▶ **PROBLEM DESCRIPTION**:
Look through the records below for the line with "rewrite [#|~: _|]cardsCs" and the line with "x \notin cover", then return those lines and all lines between, exactly.

▶ **RECORDS TO PROCESS**:
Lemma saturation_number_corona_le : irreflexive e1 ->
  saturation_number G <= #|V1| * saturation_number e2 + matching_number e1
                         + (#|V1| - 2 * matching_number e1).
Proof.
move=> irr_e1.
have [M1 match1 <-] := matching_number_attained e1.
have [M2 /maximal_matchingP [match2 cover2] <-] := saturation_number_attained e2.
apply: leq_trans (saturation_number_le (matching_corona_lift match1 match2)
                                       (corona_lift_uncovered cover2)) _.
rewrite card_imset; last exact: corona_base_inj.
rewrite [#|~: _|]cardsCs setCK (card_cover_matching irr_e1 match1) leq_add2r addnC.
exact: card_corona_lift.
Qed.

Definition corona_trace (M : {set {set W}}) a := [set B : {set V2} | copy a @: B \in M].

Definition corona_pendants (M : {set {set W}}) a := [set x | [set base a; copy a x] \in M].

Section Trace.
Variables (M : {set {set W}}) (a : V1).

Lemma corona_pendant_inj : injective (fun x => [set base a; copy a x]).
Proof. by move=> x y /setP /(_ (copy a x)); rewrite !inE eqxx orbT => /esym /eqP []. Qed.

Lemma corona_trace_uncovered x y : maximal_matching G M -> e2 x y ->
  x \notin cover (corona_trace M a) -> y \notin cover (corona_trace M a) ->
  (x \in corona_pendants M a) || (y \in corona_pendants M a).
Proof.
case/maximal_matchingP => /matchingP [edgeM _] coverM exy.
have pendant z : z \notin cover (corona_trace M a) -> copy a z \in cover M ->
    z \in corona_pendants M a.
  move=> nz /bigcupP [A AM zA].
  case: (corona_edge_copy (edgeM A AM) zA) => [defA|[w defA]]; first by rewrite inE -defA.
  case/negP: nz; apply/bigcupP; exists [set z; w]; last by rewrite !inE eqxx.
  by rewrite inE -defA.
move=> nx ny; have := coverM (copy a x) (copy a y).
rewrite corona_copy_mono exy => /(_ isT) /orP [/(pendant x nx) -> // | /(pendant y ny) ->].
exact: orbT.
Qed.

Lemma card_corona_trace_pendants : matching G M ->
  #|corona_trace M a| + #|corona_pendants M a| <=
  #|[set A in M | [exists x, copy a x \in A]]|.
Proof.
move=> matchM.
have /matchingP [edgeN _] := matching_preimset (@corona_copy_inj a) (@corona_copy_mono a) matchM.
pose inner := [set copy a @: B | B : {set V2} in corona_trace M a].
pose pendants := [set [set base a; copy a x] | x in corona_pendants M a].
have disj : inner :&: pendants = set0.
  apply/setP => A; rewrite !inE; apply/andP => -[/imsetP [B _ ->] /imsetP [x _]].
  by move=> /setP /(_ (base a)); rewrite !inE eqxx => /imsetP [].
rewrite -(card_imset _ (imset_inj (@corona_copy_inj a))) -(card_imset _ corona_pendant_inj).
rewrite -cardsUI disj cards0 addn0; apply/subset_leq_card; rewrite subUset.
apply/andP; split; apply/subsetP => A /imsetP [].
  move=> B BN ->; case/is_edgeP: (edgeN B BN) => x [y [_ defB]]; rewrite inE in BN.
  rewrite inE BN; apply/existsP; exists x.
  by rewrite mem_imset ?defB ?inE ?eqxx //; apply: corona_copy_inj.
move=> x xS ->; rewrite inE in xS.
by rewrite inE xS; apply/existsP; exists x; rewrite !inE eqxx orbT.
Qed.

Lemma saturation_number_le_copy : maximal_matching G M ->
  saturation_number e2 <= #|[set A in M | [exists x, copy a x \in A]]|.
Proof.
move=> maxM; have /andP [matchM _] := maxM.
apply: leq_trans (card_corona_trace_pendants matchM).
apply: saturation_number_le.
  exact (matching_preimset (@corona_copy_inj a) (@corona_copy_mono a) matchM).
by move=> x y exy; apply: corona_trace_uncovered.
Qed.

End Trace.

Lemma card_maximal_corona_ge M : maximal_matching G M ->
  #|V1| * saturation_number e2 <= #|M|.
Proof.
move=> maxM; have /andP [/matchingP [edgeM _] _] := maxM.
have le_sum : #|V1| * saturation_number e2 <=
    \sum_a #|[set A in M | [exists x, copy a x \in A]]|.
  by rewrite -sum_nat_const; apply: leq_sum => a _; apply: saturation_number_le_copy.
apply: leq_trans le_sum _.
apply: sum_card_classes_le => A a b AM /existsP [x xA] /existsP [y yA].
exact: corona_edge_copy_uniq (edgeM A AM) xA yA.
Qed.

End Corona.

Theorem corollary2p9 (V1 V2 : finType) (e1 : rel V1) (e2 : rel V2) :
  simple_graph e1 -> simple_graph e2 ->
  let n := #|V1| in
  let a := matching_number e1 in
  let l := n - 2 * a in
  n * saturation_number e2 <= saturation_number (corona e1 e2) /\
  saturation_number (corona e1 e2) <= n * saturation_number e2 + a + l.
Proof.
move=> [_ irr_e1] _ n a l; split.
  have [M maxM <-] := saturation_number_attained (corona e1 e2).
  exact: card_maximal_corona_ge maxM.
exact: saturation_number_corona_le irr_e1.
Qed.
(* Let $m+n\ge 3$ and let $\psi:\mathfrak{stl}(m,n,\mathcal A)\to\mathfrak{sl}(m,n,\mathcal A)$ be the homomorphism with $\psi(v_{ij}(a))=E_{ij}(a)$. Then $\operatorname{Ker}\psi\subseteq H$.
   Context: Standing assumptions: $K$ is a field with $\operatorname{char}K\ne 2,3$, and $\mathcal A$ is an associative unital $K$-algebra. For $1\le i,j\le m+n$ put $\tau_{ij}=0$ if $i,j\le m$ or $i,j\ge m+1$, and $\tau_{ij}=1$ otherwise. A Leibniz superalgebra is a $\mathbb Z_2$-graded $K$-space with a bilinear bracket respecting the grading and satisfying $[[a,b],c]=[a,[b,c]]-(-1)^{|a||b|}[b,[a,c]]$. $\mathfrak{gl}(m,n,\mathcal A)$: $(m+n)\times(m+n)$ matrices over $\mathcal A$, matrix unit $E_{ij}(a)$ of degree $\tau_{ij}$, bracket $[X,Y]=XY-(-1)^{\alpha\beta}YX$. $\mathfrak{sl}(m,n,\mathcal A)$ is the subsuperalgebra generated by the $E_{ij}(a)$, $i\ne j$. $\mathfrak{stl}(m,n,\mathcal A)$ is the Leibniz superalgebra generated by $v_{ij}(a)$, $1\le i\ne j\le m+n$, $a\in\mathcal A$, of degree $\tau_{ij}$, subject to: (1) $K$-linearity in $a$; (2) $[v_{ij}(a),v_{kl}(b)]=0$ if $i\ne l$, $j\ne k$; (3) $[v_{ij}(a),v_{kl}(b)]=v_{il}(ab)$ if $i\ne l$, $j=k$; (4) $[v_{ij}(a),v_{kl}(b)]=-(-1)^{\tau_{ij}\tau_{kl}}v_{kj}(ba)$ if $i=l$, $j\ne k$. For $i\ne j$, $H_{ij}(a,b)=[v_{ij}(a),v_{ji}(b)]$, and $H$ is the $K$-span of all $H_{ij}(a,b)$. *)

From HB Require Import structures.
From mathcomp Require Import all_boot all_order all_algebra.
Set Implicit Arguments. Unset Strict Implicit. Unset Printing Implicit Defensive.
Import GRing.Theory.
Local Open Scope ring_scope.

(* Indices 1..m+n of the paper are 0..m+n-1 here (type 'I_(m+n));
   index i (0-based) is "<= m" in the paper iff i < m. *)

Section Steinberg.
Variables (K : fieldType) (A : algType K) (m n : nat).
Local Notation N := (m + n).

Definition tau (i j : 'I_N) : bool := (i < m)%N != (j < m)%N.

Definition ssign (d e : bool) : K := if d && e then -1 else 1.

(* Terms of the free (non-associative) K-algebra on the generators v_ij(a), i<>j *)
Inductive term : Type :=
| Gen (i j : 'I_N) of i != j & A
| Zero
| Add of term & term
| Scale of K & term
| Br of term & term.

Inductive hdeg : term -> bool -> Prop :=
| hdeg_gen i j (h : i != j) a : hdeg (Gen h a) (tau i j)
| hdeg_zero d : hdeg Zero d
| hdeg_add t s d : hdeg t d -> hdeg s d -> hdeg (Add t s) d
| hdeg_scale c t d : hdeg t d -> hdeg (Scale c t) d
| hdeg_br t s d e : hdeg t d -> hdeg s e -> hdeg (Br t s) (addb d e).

▶ **THE ANSWER**:
rewrite [#|~: _|]cardsCs setCK (card_cover_matching irr_e1 match1) leq_add2r addnC.
exact: card_corona_lift.
Qed.

Definition corona_trace (M : {set {set W}}) a := [set B : {set V2} | copy a @: B \in M].

Definition corona_pendants (M : {set {set W}}) a := [set x | [set base a; copy a x] \in M].

Section Trace.
Variables (M : {set {set W}}) (a : V1).

Lemma corona_pendant_inj : injective (fun x => [set base a; copy a x]).
Proof. by move=> x y /setP /(_ (copy a x)); rewrite !inE eqxx orbT => /esym /eqP []. Qed.

Lemma corona_trace_uncovered x y : maximal_matching G M -> e2 x y ->
  x \notin cover (corona_trace M a) -> y \notin cover (corona_trace M a) ->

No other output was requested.